§ **DIRECTIONS FOR THIS TASK**:
In the records below, find the line with "in_or_app. now right." and the line with "split; [intros S T HS HT;". Print both exactly, along with every line between them, and no other line.

[INPUT RECORDS — start]

(* Let $\mathsf{K}$ be a universal class of $\mathcal{L}$-algebras. If $\mathrm{Th}(\mathsf{K})$ has a model completion, then $\mathsf{K}$ has the variable projection property.
   Context: $\mathcal{L}$ is an algebraic first-order language with at least one constant symbol. A universal class is closed under isomorphic images, subalgebras and ultraproducts. A model completion of a theory $T$ is a model complete theory $T^*$ with the same universal consequences as $T$ such that for every model $M$ of $T$, $T^*$ plus the diagram of $M$ is complete. $\mathsf{K}\models\alpha$ (for quantifier-free $\alpha$) means all members satisfy $\alpha$ under all assignments. $\mathsf{K}$ has the variable projection property if for every finite set of variables $\overline{x}$, variable $y\notin\overline{x}$, and conjunction of equations $\varphi(\overline{x},y)$ there is a quantifier-free formula $\xi(\overline{x})$ such that $\mathsf{K}\models\varphi\to\xi$ and for every equation $\varepsilon(\overline{x})$, $\mathsf{K}\models\varphi\to\varepsilon$ implies $\mathsf{K}\models\xi\to\varepsilon$. *)

From Stdlib Require Import List.
From Stdlib Require Vectors.Fin.
Import ListNotations.

Set Implicit Arguments.

Record Lang := { Fsym : Type; arity : Fsym -> nat }.

Definition has_constant (L : Lang) : Prop := exists c : Fsym L, arity L c = 0.

Definition Lexp (L : Lang) (C : Type) : Lang :=
  {| Fsym := (Fsym L + C)%type;
     arity := fun s => match s with inl f => arity L f | inr _ => 0 end |}.

Inductive term (L : Lang) : Type :=
| var : nat -> term L
| app : forall f : Fsym L, (Fin.t (arity L f) -> term L) -> term L.
Arguments var {L} _.

Inductive formula (L : Lang) : Type :=
| Fal  : formula L
| Eq   : term L -> term L -> formula L
| Neg  : formula L -> formula L
| Conj : formula L -> formula L -> formula L
| Disj : formula L -> formula L -> formula L
| Imp  : formula L -> formula L -> formula L
| Ex   : nat -> formula L -> formula L
| All  : nat -> formula L -> formula L.
Arguments Fal {L}.

Fixpoint tvars_in (L : Lang) (P : nat -> Prop) (t : term L) : Prop :=
  match t with
  | var n => P n
  | app f a => forall i, tvars_in P (a i)
  end.

Fixpoint fvars_in (L : Lang) (P : nat -> Prop) (phi : formula L) : Prop :=
  match phi with
  | Fal => True
  | Eq t1 t2 => tvars_in P t1 /\ tvars_in P t2
  | Neg p => fvars_in P p
  | Conj p q | Disj p q | Imp p q => fvars_in P p /\ fvars_in P q
  | Ex x p | All x p => fvars_in (fun n => n = x \/ P n) p
  end.

Definition sentence (L : Lang) (phi : formula L) : Prop :=
  fvars_in (fun _ => False) phi.

Fixpoint qfree (L : Lang) (phi : formula L) : Prop :=
  match phi with
  | Fal | Eq _ _ => True
  | Neg p => qfree p
  | Conj p q | Disj p q | Imp p q => qfree p /\ qfree q
  | Ex _ _ | All _ _ => False
  end.

Fixpoint universal (L : Lang) (phi : formula L) : Prop :=
  match phi with
  | All _ p => universal p
  | p => qfree p
  end.

Record structure (L : Lang) := {
  carrier :> Type;
  interp : forall f : Fsym L, (Fin.t (arity L f) -> carrier) -> carrier }.

Fixpoint eval (L : Lang) (A : structure L) (e : nat -> A) (t : term L) : A :=
  match t with
  | var n => e n
  | app f a => interp A f (fun i => eval A e (a i))
  end.

Definition upd (A : Type) (e : nat -> A) (x : nat) (a : A) : nat -> A :=
  fun n => if Nat.eqb n x then a else e n.

Fixpoint sat (L : Lang) (A : structure L) (e : nat -> A) (phi : formula L)
  : Prop :=
  match phi with
  | Fal => False
  | Eq t1 t2 => eval A e t1 = eval A e t2
  | Neg p => ~ sat A e p
  | Conj p q => sat A e p /\ sat A e q
  | Disj p q => sat A e p \/ sat A e q
  | Imp p q => sat A e p -> sat A e q
  | Ex x p => exists a : A, sat A (upd e x a) p
  | All x p => forall a : A, sat A (upd e x a) p
  end.

Definition hom (L : Lang) (A B : structure L) (h : A -> B) : Prop :=
  forall f (args : Fin.t (arity L f) -> A),
    h (interp A f args) = interp B f (fun i => h (args i)).

Definition embedding (L : Lang) (A B : structure L) (h : A -> B) : Prop :=
  hom A B h /\ (forall a b, h a = h b -> a = b).

Definition isomorphism (L : Lang) (A B : structure L) (h : A -> B) : Prop :=
  embedding A B h /\ (forall b, exists a, h a = b).

Definition elementary (L : Lang) (A B : structure L) (h : A -> B) : Prop :=
  forall (phi : formula L) (e : nat -> A), sat A e phi <-> sat B (fun n => h (e n)) phi.

Definition op_closed (L : Lang) (A : structure L) (P : A -> Prop) : Prop :=
  forall f (args : Fin.t (arity L f) -> A),
    (forall i, P (args i)) -> P (interp A f args).

Definition subalgebra (L : Lang) (A : structure L) (P : A -> Prop)
  (HP : op_closed A P) : structure L :=
  {| carrier := { x : A | P x };
     interp := fun f args =>
       exist P (interp A f (fun i => proj1_sig (args i)))
             (HP f _ (fun i => proj2_sig (args i))) |}.

Definition ultrafilter (I : Type) (U : (I -> Prop) -> Prop) : Prop :=
  U (fun _ => True) /\ ~ U (fun _ => False) /\
  (forall S T : I -> Prop, U S -> (forall i, S i -> T i) -> U T) /\
  (forall S T : I -> Prop, U S -> U T -> U (fun i => S i /\ T i)) /\
  (forall S : I -> Prop, U S \/ U (fun i => ~ S i)).

(** B is (a realization of) the ultraproduct prod_U A_i: pi is the quotient
    map from the direct product onto B, identifying U-almost-equal
    tuples, and operations are computed coordinatewise. *)
Definition is_ultraproduct (L : Lang) (I : Type) (U : (I -> Prop) -> Prop)
  (A : I -> structure L) (B : structure L) : Prop :=
  exists pi : (forall i, A i) -> B,
    (forall b, exists a, pi a = b) /\
    (forall a a', pi a = pi a' <-> U (fun i => a i = a' i)) /\
    (forall f (args : Fin.t (arity L f) -> forall i, A i),
        pi (fun i => interp (A i) f (fun k => args k i))
        = interp B f (fun k => pi (args k))).

Definition universal_class (L : Lang) (K : structure L -> Prop) : Prop :=
  (forall (A B : structure L) (h : A -> B), K A -> isomorphism A B h -> K B) /\
  (forall (A : structure L) (P : A -> Prop) (HP : op_closed A P),
      K A -> K (@subalgebra L A P HP)) /\
  (forall (I : Type) (U : (I -> Prop) -> Prop) (A : I -> structure L)
          (B : structure L),
      ultrafilter U -> (forall i, K (A i)) -> is_ultraproduct U A B -> K B).

Definition theory (L : Lang) := formula L -> Prop.

Definition models (L : Lang) (T : theory L) (A : structure L) : Prop :=
  forall phi, T phi -> forall e : nat -> A, sat A e phi.

Definition entails (L : Lang) (T : theory L) (phi : formula L) : Prop :=
  forall A : structure L, models T A -> forall e : nat -> A, sat A e phi.

Definition Th (L : Lang) (K : structure L -> Prop) : theory L :=
  fun phi => sentence phi /\ forall A, K A -> forall e : nat -> A, sat A e phi.

Definition complete (L : Lang) (T : theory L) : Prop :=
  forall phi, sentence phi -> entails T phi \/ entails T (Neg phi).

Definition model_complete (L : Lang) (T : theory L) : Prop :=
  forall (A B : structure L) (h : A -> B),
    models T A -> models T B -> embedding A B h -> elementary A B h.

Fixpoint tlift (L : Lang) (C : Type) (t : term L) : term (Lexp L C) :=
  match t with
  | var n => var n
  | app f a => @app (Lexp L C) (inl f) (fun i => tlift C (a i))
  end.

Fixpoint flift (L : Lang) (C : Type) (phi : formula L) : formula (Lexp L C) :=
  match phi with
  | Fal => Fal
  | Eq t1 t2 => Eq (tlift C t1) (tlift C t2)
  | Neg p => Neg (flift C p)
  | Conj p q => Conj (flift C p) (flift C q)
  | Disj p q => Disj (flift C p) (flift C q)
  | Imp p q => Imp (flift C p) (flift C q)
  | Ex x p => Ex x (flift C p)
  | All x p => All x (flift C p)
  end.

Definition lift_theory (L : Lang) (C : Type) (T : theory L) : theory (Lexp L C) :=
  fun psi => exists phi, T phi /\ psi = flift C phi.

Definition expand (L : Lang) (M : structure L) : structure (Lexp L M) :=
  {| carrier := M;
     interp := fun s =>
       match s return (Fin.t (arity (Lexp L M) s) -> M) -> M with
       | inl f => fun args => interp M f args
       | inr m => fun _ => m
       end |}.

Definition diagram (L : Lang) (M : structure L) : theory (Lexp L M) :=
  fun psi => sentence psi /\
    (exists t1 t2, psi = Eq t1 t2 \/ psi = Neg (Eq t1 t2)) /\
    (forall e : nat -> M, sat (expand M) e psi).

Definition model_completion (L : Lang) (T Tstar : theory L) : Prop :=
  model_complete Tstar /\
  (forall phi, sentence phi -> universal phi ->
       (entails T phi <-> entails Tstar phi)) /\
  (forall M : structure L, models T M ->
       complete (fun psi => @lift_theory L M Tstar psi \/ diagram M psi)).

Definition Kvalid (L : Lang) (K : structure L -> Prop) (alpha : formula L) : Prop :=
  forall A, K A -> forall e : nat -> A, sat A e alpha.

Definition eq_conj (L : Lang) (eqs : list (term L * term L)) : formula L :=
  fold_right (fun p acc => Conj (Eq (fst p) (snd p)) acc) (Neg Fal) eqs.

Definition var_projection (L : Lang) (K : structure L -> Prop) : Prop :=
  forall (xs : list nat) (y : nat), ~ In y xs ->
  forall eqs : list (term L * term L),
    (forall p, In p eqs ->
       tvars_in (fun v => In v xs \/ v = y) (fst p) /\
       tvars_in (fun v => In v xs \/ v = y) (snd p)) ->
    exists xi : formula L,
      qfree xi /\ fvars_in (fun v => In v xs) xi /\
      Kvalid K (Imp (eq_conj eqs) xi) /\
      (forall t1 t2 : term L,
          tvars_in (fun v => In v xs) t1 -> tvars_in (fun v => In v xs) t2 ->
          Kvalid K (Imp (eq_conj eqs) (Eq t1 t2)) ->
          Kvalid K (Imp xi (Eq t1 t2))).

(* Let T* be the model completion of Th(K).  Since T* and Th(K) have the
   same universal consequences, every model of T* lies in K and every member of K
   embeds into a model of T* (a structure satisfying the universal theory of an
   ultraproduct-closed class embeds into a member of it, by compactness over its finite
   diagrams).  Since T* plus the diagram of any M in K is complete, an existential
   statement with parameters in M holds in one model of T* extending M iff it holds in
   all of them.

   Take for xi a finite conjunction of quantifier-free consequences, over T*, of
   (exists y, phi(x, y)).  It exists by compactness: otherwise some model C of T* and
   tuple c satisfy all such consequences but not (exists y, phi(c, y)).  The subalgebra A
   of C generated by c is in K, and every finite part of its diagram is consistent with
   T* + (exists y, phi(c, y)), since its negation would be one of these consequences; so
   A embeds into a model of T* where (exists y, phi(c, y)) holds, and transferring this
   along A <= C gives a contradiction.  Then phi implies xi in K because members of K
   embed into models of T*, and xi implies every equation implied by phi because a
   solution of xi in A in K extends to a solution of phi in a model of T* containing A,
   and that model lies in K. *)

From Pilot Require Import Defs.
From Stdlib Require Import List PeanoNat Lia Classical ClassicalEpsilon
  FunctionalExtensionality PropExtensionality ProofIrrelevance.
From mathcomp Require filter.
Import ListNotations.

Lemma ultrafilter_on_lists (X : Type) :
  exists U : (list X -> Prop) -> Prop, ultrafilter U /\ forall x, U (fun l => In x l).
Proof.
  set (F := fun S : list X -> Prop => exists l0, forall l, incl l0 l -> S l).
  assert (HF : filter.ProperFilter F).
  { constructor.
    - intros [l0 H]. exact (H l0 (incl_refl l0)).
    - constructor.
      + exists nil. intros; exact I.
      + intros S T [l1 H1] [l2 H2]. exists (l1 ++ l2). intros l Hl. split.
        * apply H1. intros z Hz. apply Hl, in_or_app. now left.
        * apply H2. intros z Hz. apply Hl, in_or_app. now right.
      + intros S T HST [l0 H]. exists l0. intros l Hl. apply HST, H, Hl. }
  destruct (filter.ultraFilterLemma HF) as [U [HU HFU]].
  exists U. split.
  - split; [exact filter.filterT|].
    split; [exact (filter.filter_not_empty U)|].
    split; [intros S T HS HST; exact (filter.filterS HST HS)|].
    split; [intros S T HS HT; exact (filter.filterI HS HT)|].
    intro S. exact (filter.in_ultra_setVsetC S HU).
  - intro x. apply HFU. exists [x]. intros l Hl. apply Hl. now left.
Qed.
(* Let $K$ be any local field with ring of integers $\mathcal O$, residue field $\mathbf F$, and $q=\#\mathbf F$. Let $(H_n)_{n\ge1}$ be a sequence of open subgroups of $\mathcal O$ with $H_{n+1}\subseteq H_n$ and $\bigcap_n H_n=0$. Suppose $e_0,e_1,e_2,\dots\in C(\mathcal O,K)$ each map $\mathcal O$ into $\mathcal O$, and that for every $n\ge1$ the reductions $\overline e_0,\dots,\overline e_{n-1}\in C(\mathcal O,\mathbf F)$ are constant on cosets of $H_n$ and the induced map $\mathcal O/H_n\to\mathbf F^n$, $x\mapsto(\overline e_0(x),\dots,\overline e_{n-1}(x))$, is bijective (so $\#\mathcal O/H_n=q^n$). Then the extension of $(e_j)$ by $q$-digit expansions is an orthonormal basis of $C(\mathcal O,K)$.
   Context: A local field is a field complete with respect to a nontrivial discrete nonarchimedean absolute value with finite residue field. $C(\mathcal O,K)$ is the $K$-Banach space of continuous functions $\mathcal O\to K$ with the sup-norm; $C(\mathcal O,\mathbf F)$ is the space of continuous (i.e. locally constant) maps to the discrete field $\mathbf F$; $\overline e$ denotes $e$ composed with reduction $\mathcal O\to\mathbf F$. An orthonormal basis of a $K$-Banach space $E$ is a sequence $\{f_n\}$ such that each $x\in E$ is $x=\sum c_nf_n$ with $c_n\in K$, $c_n\to0$, $\|x\|=\max|c_n|$. Extension by $q$-digits: for $i=c_0+c_1q+\dots+c_{n-1}q^{n-1}$ with $0\le c_j\le q-1$, set $f_i=e_0^{c_0}\cdots e_{n-1}^{c_{n-1}}$ (pointwise products, $e_j^0=1$). *)

From HB Require Import structures.
From mathcomp Require Import all_boot all_order all_algebra all_field.
From mathcomp Require Import boolp classical_sets reals.
Set Implicit Arguments. Unset Strict Implicit. Unset Printing Implicit Defensive.
Import Order.TTheory GRing.Theory Num.Theory.
Local Open Scope ring_scope.
Local Open Scope classical_set_scope.

Section LocalField.
Variables (R : realType) (K : fieldType) (abs : K -> R).

Definition nonarch_abs : Prop :=
  [/\ (forall x, 0 <= abs x), (forall x, abs x = 0 <-> x = 0),
      (forall x y, abs (x * y) = abs x * abs y) &
      (forall x y, abs (x + y) <= Num.max (abs x) (abs y))].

[INPUT RECORDS — finish]

§ **YOUR RESPONSE**:
        * apply H2. intros z Hz. apply Hl, in_or_app. now right.
      + intros S T HST [l0 H]. exists l0. intros l Hl. apply HST, H, Hl. }
  destruct (filter.ultraFilterLemma HF) as [U [HU HFU]].
  exists U. split.
  - split; [exact filter.filterT|].
    split; [exact (filter.filter_not_empty U)|].
    split; [intros S T HS HST; exact (filter.filterS HST HS)|].
    split; [intros S T HS HT; exact (filter.filterI HS HT)|].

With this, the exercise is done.